→ Recorded data
══════════
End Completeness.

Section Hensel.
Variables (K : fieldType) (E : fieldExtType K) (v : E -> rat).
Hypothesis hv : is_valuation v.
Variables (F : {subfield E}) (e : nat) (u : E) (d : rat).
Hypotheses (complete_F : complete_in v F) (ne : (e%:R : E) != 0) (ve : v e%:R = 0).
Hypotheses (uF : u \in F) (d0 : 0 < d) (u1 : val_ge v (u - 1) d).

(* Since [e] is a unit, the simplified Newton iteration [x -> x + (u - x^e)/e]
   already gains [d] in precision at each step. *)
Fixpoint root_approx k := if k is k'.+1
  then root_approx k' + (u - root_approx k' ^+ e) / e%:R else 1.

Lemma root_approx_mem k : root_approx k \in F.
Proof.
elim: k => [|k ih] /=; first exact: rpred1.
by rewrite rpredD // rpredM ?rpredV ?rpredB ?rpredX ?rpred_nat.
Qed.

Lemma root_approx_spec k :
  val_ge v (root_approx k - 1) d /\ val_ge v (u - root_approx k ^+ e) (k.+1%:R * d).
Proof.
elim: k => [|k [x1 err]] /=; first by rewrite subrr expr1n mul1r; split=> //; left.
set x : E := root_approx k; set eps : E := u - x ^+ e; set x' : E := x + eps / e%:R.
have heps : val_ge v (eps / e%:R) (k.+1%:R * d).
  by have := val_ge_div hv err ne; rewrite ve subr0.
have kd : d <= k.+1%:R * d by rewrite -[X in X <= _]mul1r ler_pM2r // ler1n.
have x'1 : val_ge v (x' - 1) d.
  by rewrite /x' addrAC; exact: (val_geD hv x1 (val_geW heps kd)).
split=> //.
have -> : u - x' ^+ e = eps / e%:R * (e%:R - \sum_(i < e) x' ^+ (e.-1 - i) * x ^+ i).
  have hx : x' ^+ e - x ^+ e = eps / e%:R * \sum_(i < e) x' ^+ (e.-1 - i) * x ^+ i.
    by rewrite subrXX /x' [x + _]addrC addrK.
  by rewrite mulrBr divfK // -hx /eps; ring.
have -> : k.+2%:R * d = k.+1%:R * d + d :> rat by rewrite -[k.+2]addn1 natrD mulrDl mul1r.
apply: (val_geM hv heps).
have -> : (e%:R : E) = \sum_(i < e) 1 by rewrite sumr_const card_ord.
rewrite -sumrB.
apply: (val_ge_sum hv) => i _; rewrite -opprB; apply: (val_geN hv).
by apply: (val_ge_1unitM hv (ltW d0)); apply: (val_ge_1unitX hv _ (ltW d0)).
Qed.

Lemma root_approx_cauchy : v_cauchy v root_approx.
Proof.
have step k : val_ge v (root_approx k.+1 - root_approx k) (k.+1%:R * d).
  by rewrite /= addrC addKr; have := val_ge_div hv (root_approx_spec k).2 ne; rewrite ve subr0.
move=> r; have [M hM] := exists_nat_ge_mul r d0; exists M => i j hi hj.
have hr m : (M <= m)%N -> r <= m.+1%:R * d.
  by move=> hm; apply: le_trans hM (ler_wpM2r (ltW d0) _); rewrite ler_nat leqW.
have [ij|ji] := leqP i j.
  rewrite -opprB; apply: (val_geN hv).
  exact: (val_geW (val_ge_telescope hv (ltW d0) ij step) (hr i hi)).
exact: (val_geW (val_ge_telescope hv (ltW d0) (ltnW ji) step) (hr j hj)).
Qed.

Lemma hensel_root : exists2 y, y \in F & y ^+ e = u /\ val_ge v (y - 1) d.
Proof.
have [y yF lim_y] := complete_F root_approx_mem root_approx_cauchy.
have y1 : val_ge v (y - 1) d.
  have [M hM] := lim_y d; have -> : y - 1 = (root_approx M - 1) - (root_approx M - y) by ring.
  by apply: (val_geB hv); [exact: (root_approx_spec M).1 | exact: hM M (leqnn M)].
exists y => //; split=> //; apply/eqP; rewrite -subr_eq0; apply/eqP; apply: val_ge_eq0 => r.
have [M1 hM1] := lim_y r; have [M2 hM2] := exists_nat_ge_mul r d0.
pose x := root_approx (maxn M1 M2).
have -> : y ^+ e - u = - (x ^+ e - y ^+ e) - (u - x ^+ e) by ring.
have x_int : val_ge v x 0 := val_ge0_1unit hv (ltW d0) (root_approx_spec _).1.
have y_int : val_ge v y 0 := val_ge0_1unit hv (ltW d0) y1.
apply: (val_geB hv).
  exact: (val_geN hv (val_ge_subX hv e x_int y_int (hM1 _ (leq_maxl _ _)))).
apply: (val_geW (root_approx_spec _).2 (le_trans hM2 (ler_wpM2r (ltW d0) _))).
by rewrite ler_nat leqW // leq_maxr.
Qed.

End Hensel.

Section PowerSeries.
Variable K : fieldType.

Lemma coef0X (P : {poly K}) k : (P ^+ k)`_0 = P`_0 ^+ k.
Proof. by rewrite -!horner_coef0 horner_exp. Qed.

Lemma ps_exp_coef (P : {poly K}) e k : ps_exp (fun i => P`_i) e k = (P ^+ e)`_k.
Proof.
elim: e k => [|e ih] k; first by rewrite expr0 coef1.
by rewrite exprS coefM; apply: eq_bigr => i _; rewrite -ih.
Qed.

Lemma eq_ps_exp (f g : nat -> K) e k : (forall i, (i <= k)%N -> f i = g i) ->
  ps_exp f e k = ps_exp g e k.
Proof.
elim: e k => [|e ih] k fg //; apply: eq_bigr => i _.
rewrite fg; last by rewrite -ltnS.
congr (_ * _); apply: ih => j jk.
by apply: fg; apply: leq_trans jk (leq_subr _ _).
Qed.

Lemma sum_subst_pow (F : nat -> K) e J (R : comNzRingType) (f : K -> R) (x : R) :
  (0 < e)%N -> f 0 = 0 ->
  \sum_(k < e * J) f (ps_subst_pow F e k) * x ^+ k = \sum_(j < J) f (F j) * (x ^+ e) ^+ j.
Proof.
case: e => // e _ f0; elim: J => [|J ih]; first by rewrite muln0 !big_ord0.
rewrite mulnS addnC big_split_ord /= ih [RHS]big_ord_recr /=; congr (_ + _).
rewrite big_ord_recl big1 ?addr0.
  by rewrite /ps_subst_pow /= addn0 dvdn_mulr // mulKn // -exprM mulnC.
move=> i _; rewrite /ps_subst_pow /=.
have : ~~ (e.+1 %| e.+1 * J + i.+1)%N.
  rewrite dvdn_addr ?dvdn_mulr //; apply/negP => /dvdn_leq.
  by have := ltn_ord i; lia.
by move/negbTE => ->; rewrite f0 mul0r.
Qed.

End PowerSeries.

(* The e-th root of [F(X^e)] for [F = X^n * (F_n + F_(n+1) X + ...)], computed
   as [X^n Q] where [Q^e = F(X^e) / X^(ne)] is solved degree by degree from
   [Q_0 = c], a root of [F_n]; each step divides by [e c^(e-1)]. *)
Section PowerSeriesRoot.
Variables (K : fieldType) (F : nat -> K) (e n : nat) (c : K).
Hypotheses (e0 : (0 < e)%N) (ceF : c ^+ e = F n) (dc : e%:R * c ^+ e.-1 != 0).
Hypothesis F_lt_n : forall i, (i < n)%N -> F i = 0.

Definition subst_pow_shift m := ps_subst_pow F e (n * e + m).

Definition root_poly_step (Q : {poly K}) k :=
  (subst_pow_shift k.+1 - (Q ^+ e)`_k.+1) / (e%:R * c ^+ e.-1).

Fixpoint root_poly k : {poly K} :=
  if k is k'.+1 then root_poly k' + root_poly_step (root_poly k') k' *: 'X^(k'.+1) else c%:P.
══════════
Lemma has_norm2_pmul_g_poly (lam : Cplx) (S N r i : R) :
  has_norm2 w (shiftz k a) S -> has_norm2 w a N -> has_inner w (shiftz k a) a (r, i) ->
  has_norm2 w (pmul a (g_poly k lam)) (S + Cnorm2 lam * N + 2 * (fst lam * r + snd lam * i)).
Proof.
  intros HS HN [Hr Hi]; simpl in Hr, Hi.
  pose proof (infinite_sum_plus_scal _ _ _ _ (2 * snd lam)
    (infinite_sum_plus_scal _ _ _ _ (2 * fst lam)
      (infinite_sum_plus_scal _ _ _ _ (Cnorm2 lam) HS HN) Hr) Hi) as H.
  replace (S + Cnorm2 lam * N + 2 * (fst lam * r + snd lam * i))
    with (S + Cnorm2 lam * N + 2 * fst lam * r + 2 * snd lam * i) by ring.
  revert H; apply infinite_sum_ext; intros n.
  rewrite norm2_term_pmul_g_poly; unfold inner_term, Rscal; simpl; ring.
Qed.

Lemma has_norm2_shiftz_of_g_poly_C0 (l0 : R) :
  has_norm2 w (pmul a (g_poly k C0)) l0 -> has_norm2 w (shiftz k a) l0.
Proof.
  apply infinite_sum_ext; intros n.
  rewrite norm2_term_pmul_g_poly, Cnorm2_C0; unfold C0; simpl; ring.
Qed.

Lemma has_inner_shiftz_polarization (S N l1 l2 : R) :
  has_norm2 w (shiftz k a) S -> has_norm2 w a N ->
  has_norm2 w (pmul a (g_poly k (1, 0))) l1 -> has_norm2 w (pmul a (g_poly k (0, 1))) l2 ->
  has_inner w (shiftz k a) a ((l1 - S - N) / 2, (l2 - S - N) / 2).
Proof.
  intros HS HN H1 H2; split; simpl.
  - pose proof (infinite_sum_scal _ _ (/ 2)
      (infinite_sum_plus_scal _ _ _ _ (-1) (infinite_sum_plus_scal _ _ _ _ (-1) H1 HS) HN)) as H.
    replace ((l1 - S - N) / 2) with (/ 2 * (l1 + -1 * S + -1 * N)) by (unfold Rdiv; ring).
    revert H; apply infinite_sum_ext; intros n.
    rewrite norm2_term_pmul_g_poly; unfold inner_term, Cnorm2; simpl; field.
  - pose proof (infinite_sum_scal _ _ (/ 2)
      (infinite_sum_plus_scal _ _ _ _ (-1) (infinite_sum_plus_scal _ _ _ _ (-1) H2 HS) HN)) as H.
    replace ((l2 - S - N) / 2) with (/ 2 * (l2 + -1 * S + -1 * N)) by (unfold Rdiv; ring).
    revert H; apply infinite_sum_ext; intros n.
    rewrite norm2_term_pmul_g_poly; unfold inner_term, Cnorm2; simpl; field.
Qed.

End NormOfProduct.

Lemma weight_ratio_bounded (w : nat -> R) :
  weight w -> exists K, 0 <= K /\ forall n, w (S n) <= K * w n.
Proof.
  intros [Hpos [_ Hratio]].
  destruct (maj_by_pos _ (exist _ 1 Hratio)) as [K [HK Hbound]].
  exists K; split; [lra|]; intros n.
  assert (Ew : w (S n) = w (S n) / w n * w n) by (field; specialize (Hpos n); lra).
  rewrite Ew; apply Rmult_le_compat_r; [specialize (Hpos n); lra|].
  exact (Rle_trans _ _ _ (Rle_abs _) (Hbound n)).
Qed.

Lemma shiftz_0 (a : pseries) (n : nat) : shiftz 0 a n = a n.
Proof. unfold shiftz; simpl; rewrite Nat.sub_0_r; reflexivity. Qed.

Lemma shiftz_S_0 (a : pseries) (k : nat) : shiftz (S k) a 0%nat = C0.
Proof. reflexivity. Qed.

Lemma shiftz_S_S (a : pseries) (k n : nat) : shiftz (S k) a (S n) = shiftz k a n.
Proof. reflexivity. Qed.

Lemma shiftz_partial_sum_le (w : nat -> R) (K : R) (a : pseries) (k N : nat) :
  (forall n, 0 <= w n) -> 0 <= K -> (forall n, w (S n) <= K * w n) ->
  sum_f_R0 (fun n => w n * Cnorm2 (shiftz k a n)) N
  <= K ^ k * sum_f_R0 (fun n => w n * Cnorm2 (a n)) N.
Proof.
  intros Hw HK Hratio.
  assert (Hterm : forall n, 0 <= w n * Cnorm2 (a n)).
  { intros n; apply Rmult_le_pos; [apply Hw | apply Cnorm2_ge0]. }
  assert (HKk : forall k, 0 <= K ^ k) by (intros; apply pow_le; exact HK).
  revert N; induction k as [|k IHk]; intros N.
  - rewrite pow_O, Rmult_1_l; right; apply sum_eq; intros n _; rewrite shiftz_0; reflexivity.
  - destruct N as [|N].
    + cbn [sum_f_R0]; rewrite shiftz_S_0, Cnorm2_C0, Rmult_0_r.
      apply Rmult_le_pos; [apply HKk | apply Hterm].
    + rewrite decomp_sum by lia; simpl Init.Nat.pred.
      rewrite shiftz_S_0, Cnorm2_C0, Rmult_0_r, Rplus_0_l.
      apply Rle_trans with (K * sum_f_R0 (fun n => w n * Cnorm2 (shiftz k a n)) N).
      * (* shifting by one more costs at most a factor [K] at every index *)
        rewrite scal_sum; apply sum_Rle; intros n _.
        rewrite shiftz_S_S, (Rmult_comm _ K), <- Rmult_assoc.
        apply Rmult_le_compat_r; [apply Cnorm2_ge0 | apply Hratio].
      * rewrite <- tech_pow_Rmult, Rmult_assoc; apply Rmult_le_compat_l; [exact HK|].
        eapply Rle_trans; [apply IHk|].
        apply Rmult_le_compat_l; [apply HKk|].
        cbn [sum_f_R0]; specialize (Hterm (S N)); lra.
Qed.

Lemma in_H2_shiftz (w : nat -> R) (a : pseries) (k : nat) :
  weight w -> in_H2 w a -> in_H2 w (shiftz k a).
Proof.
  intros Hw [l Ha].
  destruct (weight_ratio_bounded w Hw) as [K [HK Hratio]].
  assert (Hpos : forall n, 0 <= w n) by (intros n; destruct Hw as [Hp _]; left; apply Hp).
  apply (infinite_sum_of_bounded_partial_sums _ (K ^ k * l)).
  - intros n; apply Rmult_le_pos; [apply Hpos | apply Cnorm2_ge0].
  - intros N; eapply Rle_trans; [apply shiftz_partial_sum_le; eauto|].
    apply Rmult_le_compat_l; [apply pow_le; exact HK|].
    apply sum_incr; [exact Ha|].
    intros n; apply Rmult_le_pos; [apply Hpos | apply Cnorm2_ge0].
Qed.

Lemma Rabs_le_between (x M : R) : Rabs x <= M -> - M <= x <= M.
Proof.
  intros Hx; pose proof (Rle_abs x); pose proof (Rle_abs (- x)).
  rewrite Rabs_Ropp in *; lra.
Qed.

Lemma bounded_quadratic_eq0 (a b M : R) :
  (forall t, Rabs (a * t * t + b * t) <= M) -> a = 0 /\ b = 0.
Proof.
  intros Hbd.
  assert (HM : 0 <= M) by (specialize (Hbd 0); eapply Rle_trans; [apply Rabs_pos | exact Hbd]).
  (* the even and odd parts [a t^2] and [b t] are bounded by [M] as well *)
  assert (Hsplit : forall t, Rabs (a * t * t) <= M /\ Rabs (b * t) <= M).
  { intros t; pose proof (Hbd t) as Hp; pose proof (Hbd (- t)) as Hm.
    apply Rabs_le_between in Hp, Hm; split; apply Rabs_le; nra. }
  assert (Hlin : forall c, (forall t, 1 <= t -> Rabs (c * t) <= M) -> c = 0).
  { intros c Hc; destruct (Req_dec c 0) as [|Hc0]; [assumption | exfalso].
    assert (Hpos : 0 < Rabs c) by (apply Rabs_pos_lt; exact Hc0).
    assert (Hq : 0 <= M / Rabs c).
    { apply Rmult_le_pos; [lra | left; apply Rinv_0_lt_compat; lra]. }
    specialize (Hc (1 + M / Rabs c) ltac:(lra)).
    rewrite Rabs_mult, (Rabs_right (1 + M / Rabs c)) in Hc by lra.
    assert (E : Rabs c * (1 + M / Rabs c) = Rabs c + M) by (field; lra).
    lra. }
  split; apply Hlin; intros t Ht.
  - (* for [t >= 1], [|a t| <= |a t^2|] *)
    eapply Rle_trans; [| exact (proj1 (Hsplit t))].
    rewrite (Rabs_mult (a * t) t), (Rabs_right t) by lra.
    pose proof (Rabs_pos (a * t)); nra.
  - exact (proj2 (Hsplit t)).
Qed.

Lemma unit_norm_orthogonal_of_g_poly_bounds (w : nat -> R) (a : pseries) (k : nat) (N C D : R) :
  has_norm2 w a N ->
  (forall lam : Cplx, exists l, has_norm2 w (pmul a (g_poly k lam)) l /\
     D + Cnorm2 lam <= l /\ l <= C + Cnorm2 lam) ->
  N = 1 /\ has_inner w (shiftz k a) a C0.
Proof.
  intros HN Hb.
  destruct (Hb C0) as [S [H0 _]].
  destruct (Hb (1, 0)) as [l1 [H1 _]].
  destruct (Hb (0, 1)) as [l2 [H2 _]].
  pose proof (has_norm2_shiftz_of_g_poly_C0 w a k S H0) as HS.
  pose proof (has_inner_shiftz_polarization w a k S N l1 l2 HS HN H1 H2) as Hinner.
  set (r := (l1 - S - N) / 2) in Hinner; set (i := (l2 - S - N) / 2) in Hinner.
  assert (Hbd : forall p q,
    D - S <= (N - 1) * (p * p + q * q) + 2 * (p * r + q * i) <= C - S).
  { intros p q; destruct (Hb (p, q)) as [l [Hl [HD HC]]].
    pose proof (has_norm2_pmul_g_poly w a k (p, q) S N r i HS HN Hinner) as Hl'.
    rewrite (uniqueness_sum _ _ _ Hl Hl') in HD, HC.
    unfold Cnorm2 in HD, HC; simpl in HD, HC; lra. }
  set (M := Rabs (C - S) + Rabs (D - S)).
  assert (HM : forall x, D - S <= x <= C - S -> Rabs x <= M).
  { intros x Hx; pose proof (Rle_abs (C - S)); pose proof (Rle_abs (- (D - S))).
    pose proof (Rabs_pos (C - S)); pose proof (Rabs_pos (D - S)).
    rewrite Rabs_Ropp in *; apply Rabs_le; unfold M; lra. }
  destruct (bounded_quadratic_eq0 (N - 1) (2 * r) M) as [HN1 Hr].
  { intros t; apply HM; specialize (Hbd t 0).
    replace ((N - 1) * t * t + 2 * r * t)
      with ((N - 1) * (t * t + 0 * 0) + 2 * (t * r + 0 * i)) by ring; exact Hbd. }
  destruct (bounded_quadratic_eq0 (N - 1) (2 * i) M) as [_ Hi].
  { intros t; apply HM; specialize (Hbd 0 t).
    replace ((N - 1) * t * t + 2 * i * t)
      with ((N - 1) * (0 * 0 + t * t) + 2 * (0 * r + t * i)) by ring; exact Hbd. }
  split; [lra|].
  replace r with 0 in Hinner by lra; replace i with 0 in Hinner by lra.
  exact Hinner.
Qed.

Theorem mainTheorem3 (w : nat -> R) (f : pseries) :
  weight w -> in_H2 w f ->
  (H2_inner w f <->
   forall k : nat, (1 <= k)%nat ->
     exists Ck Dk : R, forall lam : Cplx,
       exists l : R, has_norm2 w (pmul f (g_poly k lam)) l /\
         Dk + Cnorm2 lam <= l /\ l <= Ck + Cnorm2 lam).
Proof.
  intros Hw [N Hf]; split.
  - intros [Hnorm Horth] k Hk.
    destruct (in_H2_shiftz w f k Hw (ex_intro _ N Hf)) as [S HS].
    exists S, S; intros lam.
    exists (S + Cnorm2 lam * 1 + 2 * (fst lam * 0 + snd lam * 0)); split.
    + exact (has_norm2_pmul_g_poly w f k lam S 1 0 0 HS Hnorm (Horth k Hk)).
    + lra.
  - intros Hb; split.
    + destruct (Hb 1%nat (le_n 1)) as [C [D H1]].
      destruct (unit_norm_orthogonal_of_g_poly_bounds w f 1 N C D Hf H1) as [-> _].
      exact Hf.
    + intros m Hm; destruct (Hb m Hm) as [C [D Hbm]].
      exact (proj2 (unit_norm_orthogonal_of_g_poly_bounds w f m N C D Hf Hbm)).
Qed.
══════════
→ Problem to solve
Search the records for the string "Definition", and copy every line that holds it.

→ Answer space
Definition subst_pow_shift m := ps_subst_pow F e (n * e + m).
Definition root_poly_step (Q : {poly K}) k :=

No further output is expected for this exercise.